Problem requirements: Look through the entries below. Report each line that has the word "qrepP" in it.

Provided records:
——

(* Let $K\ge1$, $T\ge1$, $\ell_1,\dots,\ell_T\in[0,1]^K$, $\phi>1$, $\alpha>0$, and suppose the cumulative loss of FlipFlop with parameters $\phi,\alpha$ satisfies $H^{\mathrm{ff}}_T\ge L^*_T$. Then \[ \underline{V}_T\le\frac{L^*_T(T-L^*_T)}{T}+\Big(\frac{\phi}{\phi-1}+\frac{\phi}{\alpha}+2\Big)\underline{\Delta}_T+\frac{\phi}{\alpha}. \]
   Context: Hedge setting: $K$ experts; in round $t$ the learner chooses a probability vector $w_t$, then $\ell_t$ is revealed and the learner suffers $h_t=\sum_kw_{t,k}\ell_{t,k}$. Write $L_{t,k}=\sum_{s=1}^t\ell_{s,k}$ ($L_{0,k}=0$), $L^*_t=\min_kL_{t,k}$, $H_T=\sum_{t\le T}h_t$. Exponential weights with learning rate $\eta\in(0,\infty]$ at time $t$: $w_{t,k}=e^{-\eta L_{t-1,k}}/\sum_je^{-\eta L_{t-1,j}}$ if $\eta<\infty$; for $\eta=\infty$, $w_t$ uniform on $\{k:L_{t-1,k}=L^*_{t-1}\}$. With learning rate $\eta_t$ in round $t$: mix loss $m_t=-\frac1{\eta_t}\ln\sum_kw_{t,k}e^{-\eta_t\ell_{t,k}}$ if $\eta_t<\infty$, $m_t=L^*_t-L^*_{t-1}$ if $\eta_t=\infty$; mixability gap $\delta_t=h_t-m_t$; loss variance $v_t=\sum_kw_{t,k}(\ell_{t,k}-h_t)^2$. FlipFlop with parameters $\phi>1,\alpha>0$: keeps accumulators $\overline{\Delta}$ (flip) and $\underline{\Delta}$ (flop), both initially $0$, starting in the flip regime. In round $t$: flip regime uses $\eta_t=\infty$; flop regime uses $\eta_t=\ln K/\underline{\Delta}_{t-1}$ ($=\infty$ if $\underline{\Delta}_{t-1}=0$); weights are exponential weights with learning rate $\eta_t$ from $L_{t-1}$. After round $t$, $\delta_t$ is added to the current regime's accumulator. If in flip and $\overline{\Delta}_t>(\phi/\alpha)\underline{\Delta}_t$, switch to flop for round $t+1$; if in flop and $\underline{\Delta}_t>\alpha\overline{\Delta}_t$, switch to flip for round $t+1$. $H^{\mathrm{ff}}_T$ is FlipFlop's cumulative loss, $\underline{\Delta}_T$ the sum of $\delta_t$ over flop rounds $t\le T$, and $\underline{V}_T$ the sum of $v_t$ over flop rounds $t\le T$. *)

From Stdlib Require Import Reals Lra List.
Open Scope R_scope.
Lemma eqI3_pfister_qr a b c : q a b = q a c -> eqI3 (pfister a b) (pfister a c).
Proof.
move=> /Q3 /I3_pfister_of_q0 /I3_eqI3 Hbc.
have /I3_eqI3 Hcc := I3_pfister_double a c.
transitivity (pfister a b ++ pfister a c ++ pfister a c); first by rewrite Hcc cats0.
by rewrite catA eqI3_pfister_mulr Hbc.
Qed.

Lemma eqI3_pfister_q a b c d : q a b = q c d -> eqI3 (pfister a b) (pfister c d).
Proof.
move/Q4 => [x [E1 [E2 E3]]].
rewrite (eqI3_pfister_qr E1) eqI3_pfisterC (eqI3_pfister_qr (a := x) (b := a) (c := c));
  last by rewrite Q2 E2 Q2.
by rewrite eqI3_pfisterC (eqI3_pfister_qr E3).
Qed.

(** * Sums of Pfister forms *)

Lemma q_surj_pair x : exists p : G * G, q p.1 p.2 = x.
Proof. by have [a [b E]] := q_surj x; exists (a, b). Qed.

Definition qrep (x : Q) : G * G :=
  proj1_sig (constructive_indefinite_description _ (q_surj_pair x)).

Lemma qrepP x : q (qrep x).1 (qrep x).2 = x.
Proof. exact: proj2_sig (constructive_indefinite_description _ (q_surj_pair x)). Qed.

(* A generator and its inverse give the same form: [B(S)] has exponent 2. *)
Definition pfister_of (c : bool * Q) : form := pfister (qrep c.2).1 (qrep c.2).2.
Definition pfister_sum (w : Bw) : form := flatten (map pfister_of w).

Lemma pfister_sum_nil : pfister_sum [::] = [::].
Proof. by []. Qed.

Lemma pfister_sum_cons c w : pfister_sum (c :: w) = pfister_of c ++ pfister_sum w.
Proof. by []. Qed.

Lemma pfister_sum_cat u v : pfister_sum (u ++ v) = pfister_sum u ++ pfister_sum v.
Proof. by rewrite /pfister_sum map_cat flatten_cat. Qed.

Lemma eqI3_pfister_of a b : eqI3 (pfister_of (true, q a b)) (pfister a b).
Proof. exact/eqI3_pfister_q/qrepP. Qed.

——

Result:
Lemma qrepP x : q (qrep x).1 (qrep x).2 = x.
Proof. exact/eqI3_pfister_q/qrepP. Qed.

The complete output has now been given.